The MRN method is a specialized MRI technique used to demonstrate PN. It allows high resolution 3D demonstration of PN course, as well as detailed visualization of PN morphology and lesions 10. A 3T MRI is advantageous compared to 1,5T MRI, as it allows depiction of fine intraneural fascicles, which is useful for exact localization of PN pathologies 11. Other sequences, such as 3D T2-STIR SPACE with a spatial resolution of 1 mm3, can further complement MRN in order to visualize extremely fine neural structures. Data acquisition is followed by software processing, maximum intensity projection (MIP) reconstruction and 3D reconstruction. Individual sequences used to complement MRN as well as their setting vary, based on MRI manufacturers and strength of the magnetic field. It is necessary to tailor each diagnostic protocol based on the examined area 12.
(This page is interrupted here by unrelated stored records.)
Lemma pd_ulsubmx m n (P : 'M[R]_(m + n)) : pd P -> pd (ulsubmx P).
Proof.
move=> [Ps Pp]; split; first by rewrite /sym_mx trmx_ulsub Ps.
move=> v v0; have := Pp (row_mx v 0).
rewrite -{1}[P]submxK mul_row_block tr_row_mx mul_row_col.
rewrite !mul0mx !addr0 trmx0 mulmx0 addr0; apply.
by apply: contra v0 => /eqP/(congr1 lsubmx); rewrite row_mxKl linear0 => ->.
Qed.

Lemma pd_drsubmx m n (P : 'M[R]_(m + n)) : pd P -> pd (drsubmx P).
Proof.
move=> [Ps Pp]; split; first by rewrite /sym_mx trmx_drsub Ps.
move=> v v0; have := Pp (row_mx 0 v).
rewrite -{1}[P]submxK mul_row_block tr_row_mx mul_row_col.
rewrite !mul0mx !add0r trmx0 mulmx0 add0r; apply.
by apply: contra v0 => /eqP/(congr1 rsubmx); rewrite row_mxKr linear0 => ->.
Qed.

Lemma pd11_gt0 (P : 'M[R]_1) : pd P -> 0 < P 0 0.
Proof.
by move=> [_ Pp]; have := Pp 1 (oner_neq0 _); rewrite trmx1 mulmx1 mul1mx.
Qed.

Lemma pd_factor n (P : 'M[R]_n) : pd P -> exists2 L, L \in unitmx & P = L *m L^T.
Proof.
elim: n P => [|n IH] P hP.
  by exists 1%:M; [exact: unitmx1 | rewrite [P]flatmx0 [RHS]flatmx0].
have [Ps _] := hP; rewrite -[n.+1]/(1 + n)%N in P hP Ps *.
set a := ulsubmx P 0 0; set u := ursubmx P; set D := drsubmx P.
have a0 : 0 < a := pd11_gt0 (pd_ulsubmx hP).
have PE : P = block_mx a%:M u u^T D.
  by rewrite -mx11_scalar /u trmx_ursub Ps submxK.
have [E Eu] := block_mx_schur u D (lt0r_neq0 a0); rewrite -PE.
set S := D - _ => hE.
have hS : pd S.
  have Eti : invmx E^T \in unitmx by rewrite unitmx_inv unitmx_tr.
  have := pd_drsubmx (pd_mulmx_tr Eti hP).
  rewrite hE trmx_inv trmxK !mulmxA mulVmx ?unitmx_tr // mul1mx -mulmxA mulmxV //.
  by rewrite mulmx1 block_mxKdr.
have [K Ku SK] := IH S hS.
exists (E^T *m block_mx (Num.sqrt a)%:M 0 0 K).
  rewrite unitmx_mul unitmx_tr Eu unitmxE det_lblock det_scalar expr1.
  by rewrite unitrM -unitmxE Ku andbT unitfE gt_eqF // sqrtr_gt0.
rewrite trmx_mul trmxK mulmxA -[_ *m _ *m _^T]mulmxA hE; congr (_ *m _ *m _).
rewrite tr_block_mx !trmx0 tr_scalar_mx mulmx_block !mulmx0 !mul0mx !addr0 !add0r.
by rewrite -scalar_mxM -expr2 sqr_sqrtr ?ltW // -SK.
Qed.
(* Let $d\ge 1$ and let $\Phi_1,\dots,\Phi_N:\mathcal L(\mathbb C^d)\to\mathcal L(\mathbb C^d)$ be quantum channels. Suppose there exist orthonormal bases $\mathbf e^{(1)},\dots,\mathbf e^{(N)}$ of $\mathbb C^d$ such that the value of the semidefinite program $$\min\Big\{\operatorname{Tr} H \;:\; H \text{ Hermitian on } \mathbb C^d\otimes\mathbb C^d,\ H\ge G_{\Phi_i,\mathbf e^{(i)}}\ \text{for all } i\in[N]\Big\}$$ is strictly larger than $d$. Then the $N$-tuple $(\Phi_1,\dots,\Phi_N)$ is incompatible.
   Context: A quantum channel is a completely positive trace-preserving linear map; $\Phi^*$ denotes its adjoint with respect to the Hilbert–Schmidt inner product $\langle X,Y\rangle=\operatorname{Tr}(X^*Y)$. Channels $\Phi_1,\dots,\Phi_N:\mathcal L(\mathbb C^d)\to\mathcal L(\mathbb C^d)$ are compatible if there is a channel $\Lambda:\mathcal L(\mathbb C^d)\to\mathcal L((\mathbb C^d)^{\otimes N})$ whose marginals are the $\Phi_i$, i.e. $\Phi_i(X)$ equals the partial trace of $\Lambda(X)$ over all tensor factors except the $i$-th, for every $X$; otherwise they are incompatible. For an operator $X=\sum_{i,j}X_{ij}|i\rangle\langle j|$ on $\mathbb C^d$, let $|X\rangle:=\sum_{i,j}X_{ij}|i\rangle\otimes|j\rangle\in\mathbb C^d\otimes\mathbb C^d$. For a channel $\Phi$ on $\mathcal L(\mathbb C^d)$ and an orthonormal basis $\mathbf e=(e_i)_{i=1}^d$, define $$G_{\Phi,\mathbf e}:=\sum_{i=1}^d \frac{|\Phi^*(|e_i\rangle\langle e_i|)\rangle\langle\Phi^*(|e_i\rangle\langle e_i|)|}{\operatorname{Tr}\Phi^*(|e_i\rangle\langle e_i|)},$$ where terms with zero denominator are omitted. $H\ge G$ is the positive semidefinite order. *)

From HB Require Import structures.
From mathcomp Require Import all_boot all_order all_algebra.
From mathcomp Require Import complex.
From mathcomp Require Import reals.
Set Implicit Arguments. Unset Strict Implicit. Unset Printing Implicit Defensive.
Import Order.TTheory GRing.Theory Num.Theory.
Local Open Scope ring_scope.

Section Quantum.
Variable C : numClosedFieldType.

(* An operator on the Hilbert space with orthonormal (computational) basis
   indexed by the finite type I, given by its matrix entries <p|X|q>. *)
Definition op (I : finType) := I -> I -> C.

(* Positive semidefinite: <v, A v> >= 0 for every vector v
   (0 <= z in a numClosedField means z is real and nonnegative). *)
Definition psd (I : finType) (A : op I) : Prop :=
  forall v : I -> C, 0 <= \sum_(p : I) \sum_(q : I) (v p)^* * A p q * v q.
(* Let $G_1$ and $G_2$ be two graphs of order $n$ which have the same Laplacian spectra but different degree sequences. Let $\Gamma$ be an arbitrary graph, where, if $G_1$ or $G_2$ has an isolated vertex, $\Gamma$ is assumed to have at least $2$ vertices. Then $G_1\vee\Gamma$ and $G_2\vee\Gamma$ have the same Laplacian spectra for every such $\Gamma$. Moreover, there is a finite set $S$ consisting of at most $n-1$ integers such that $Z_{G_1\vee\Gamma}\ne Z_{G_2\vee\Gamma}$ for every such $\Gamma$ whose order does not lie in $S$.
   Context: Graphs are finite and simple. The Laplacian of a graph is $L=D-A$ ($D$ degree matrix, $A$ adjacency matrix). The join $G\vee\Gamma$ is the disjoint union of $G$ and $\Gamma$ with all edges between a vertex of $G$ and a vertex of $\Gamma$ added. $Z_G$ is the Ihara zeta function: for a graph with $n_G$ vertices and $m_G$ edges, $Z_G(t)=(1-t^2)^{n_G-m_G}\det(I-tA+t^2(D-I))^{-1}$ (equivalently the product $\prod_{[\gamma]}(1-t^{\ell(\gamma)})^{-1}$ over rotation classes of primitive closed geodesics). *)

From HB Require Import structures.
From mathcomp Require Import all_boot all_order all_algebra.
From mathcomp Require Import fraction.
Set Implicit Arguments. Unset Strict Implicit. Unset Printing Implicit Defensive.
Import Order.TTheory GRing.Theory Num.Theory.
Local Open Scope ring_scope.

Definition simple_graph (n : nat) (e : rel 'I_n) : Prop :=
  symmetric e /\ irreflexive e.

Definition deg (n : nat) (e : rel 'I_n) (x : 'I_n) : nat := #|[set y | e x y]|.

Definition degseq (n : nat) (e : rel 'I_n) : seq nat :=
  sort leq [seq deg e x | x <- enum 'I_n].

Definition has_isolated (n : nat) (e : rel 'I_n) : Prop :=
  exists x : 'I_n, deg e x = 0%N.

Definition nedges (n : nat) (e : rel 'I_n) : nat :=
  #|[set p : 'I_n * 'I_n | e p.1 p.2 && (p.1 < p.2)%N]|.

Definition adjmx (R : pzRingType) (n : nat) (e : rel 'I_n) : 'M[R]_n :=
  \matrix_(i, j) (e i j)%:R.
Definition degmx (R : pzRingType) (n : nat) (e : rel 'I_n) : 'M[R]_n :=
  \matrix_(i, j) (if i == j then (deg e i)%:R else 0).
Definition laplacian (R : pzRingType) (n : nat) (e : rel 'I_n) : 'M[R]_n :=
  degmx R e - adjmx R e.

(* Same Laplacian spectrum (as multisets): equal characteristic polynomials
   of the (integer) Laplacian matrices. *)
Definition lap_cospectral (n : nat) (e1 e2 : rel 'I_n) : Prop :=
  char_poly (laplacian int e1) = char_poly (laplacian int e2).

Definition gjoin (n m : nat) (e : rel 'I_n) (g : rel 'I_m) : rel 'I_(n + m) :=
  fun x y =>
    match split x, split y with
    | inl a, inl b => e a b
    | inr a, inr b => g a b
    | _, _ => true
    end.

(* Ihara zeta function, as a rational function in t with rational coefficients:
   Z_G(t) = (1 - t^2)^(n - m) / det(I - tA + t^2 (D - I)). *)
Definition ihara_det (n : nat) (e : rel 'I_n) : {poly rat} :=
  \det (1%:M - 'X *: map_mx polyC (adjmx rat e)
        + 'X ^+ 2 *: map_mx polyC (degmx rat e - 1%:M)).

Definition ihara_zeta (n : nat) (e : rel 'I_n) : {fraction {poly rat}} :=
  (@FracField.tofrac {poly rat} (1 - 'X ^+ 2)) ^ (n%:Z - (nedges e)%:Z) / FracField.tofrac (ihara_det e).

From HB Require Import structures.
From mathcomp Require Import all_boot all_order all_algebra.
From mathcomp Require Import perm fraction algC.
From mathcomp Require Import zify ring.
Import Order.TTheory GRing.Theory Num.Theory.
Set Implicit Arguments. Unset Strict Implicit. Unset Printing Implicit Defensive.
Local Open Scope ring_scope.

(* In the join every vertex of G gains the |Γ| = m vertices of Γ as new
   neighbours and every vertex of Γ gains the n vertices of G, so the Laplacian
   of G ∨ Γ is block-structured with all-ones off-diagonal blocks.  As the
   Laplacian blocks have constant row sums 0, a Schur-complement computation
   gives, for large a,
     det(a - L(G ∨ Γ)) = χ_G(a - m) χ_Γ(a - n) (1 - nm / ((a - m)(a - n))),
   which depends on G only through its Laplacian characteristic polynomial χ_G.
   For the Ihara zeta function, cospectrality fixes the trace of L, hence the
   number of edges, so equal zeta functions force equal determinants
   det(I - tA + t^2 (D - I)); their coefficients of t^(2(n+m)) are det(D - I),
   i.e. ∏_i (d_i + m - 1) times a nonzero factor coming from Γ.  As a
   polynomial in m, ∏_i (d_i + m - 1) is monic of degree n with roots 1 - d_i,
   so two different degree sequences give a nonzero difference of degree at
   most n - 1, which vanishes for at most n - 1 values of m. *)

Lemma split_lshift n m (i : 'I_n) : split (lshift m i) = inl i.
Proof. exact: (unsplitK (inl i)). Qed.

Lemma split_rshift n m (i : 'I_m) : split (rshift n i) = inr i.
Proof. exact: (unsplitK (inr i)). Qed.

Lemma gjoin_simple n m (e : rel 'I_n) (g : rel 'I_m) :
  simple_graph e -> simple_graph g -> simple_graph (gjoin e g).
Proof.
move=> [esym eirr] [gsym girr]; split.
  by move=> x y; rewrite /gjoin; case: (split x) => a; case: (split y) => b.
by move=> x; rewrite /gjoin; case: (split x).
Qed.

Lemma degE n (e : rel 'I_n) x : deg e x = (\sum_y e x y)%N.
Proof. by rewrite /deg -sum1_card big_mkcond; apply: eq_bigr => y _; rewrite inE. Qed.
Diffusion tensor imaging (DTI) is unique, compared to qualitative structural methods of MRN or conventional MRI, in that it provides quantitative microstructural information, which reflects functional integrity of neural fibres 13. This technique is based on principles similar to diffusion weighted imaging (DWI), which are based on visualization of water molecule diffusion (hydrogen proton bound in water molecules) in the examined tissue. Neural axons are a type of tissue, in which this process is heavily influenced by fibre microstructure. Water molecules diffuse most efficiently in a direction parallel to the long axis of neurons. Diffusion perpendicular to the neuron axis is limited due to the presence of myelin sheaths and neuronal membranes, which inhibit this process (anisotropic diffusion) 14. Damage or degradation of neuronal membranes or myelin sheaths, which can be caused by a variety of pathological processes, leads to a decrease in fraction anisotropy (FA), an increase of the apparent diffusion coefficient (ADC) and can be detected using DTI 15. FA and ADC are the most widely used scalar maps of the diffusion tensor. Consequent software processing of the obtained data allows 3D reconstruction of neural tracts – MR tractography (MRT). In order to obtain better anatomical context of the nerve, MRT allows projection of these reconstructed images into images of conventional MRI sequences 13. The disadvantage of DTI include, motion artefacts, which prevent the acquisition of usable images, or differentiation between neural and muscle fibres. These technical issues can be partially reduced with the use of adequate MR array coils, optimization of imaging protocols reducing their length or post-processing.
Advanced MRI techniques allow us to obtain detailed structural and microstructural information concerning PN disorders including PNTs. They expand the range of diagnostic tools available for the diagnosis of PNTs and allow optimal surgical planning, potentially decreasing the risks of patient morbidity. Technological advancements will most likely result in further improvement of these methods and their gradual integration into MRI diagnostic protocols used in clinical practice.
This study was supported by a grant of AZV MZ CR No. 17-28587A.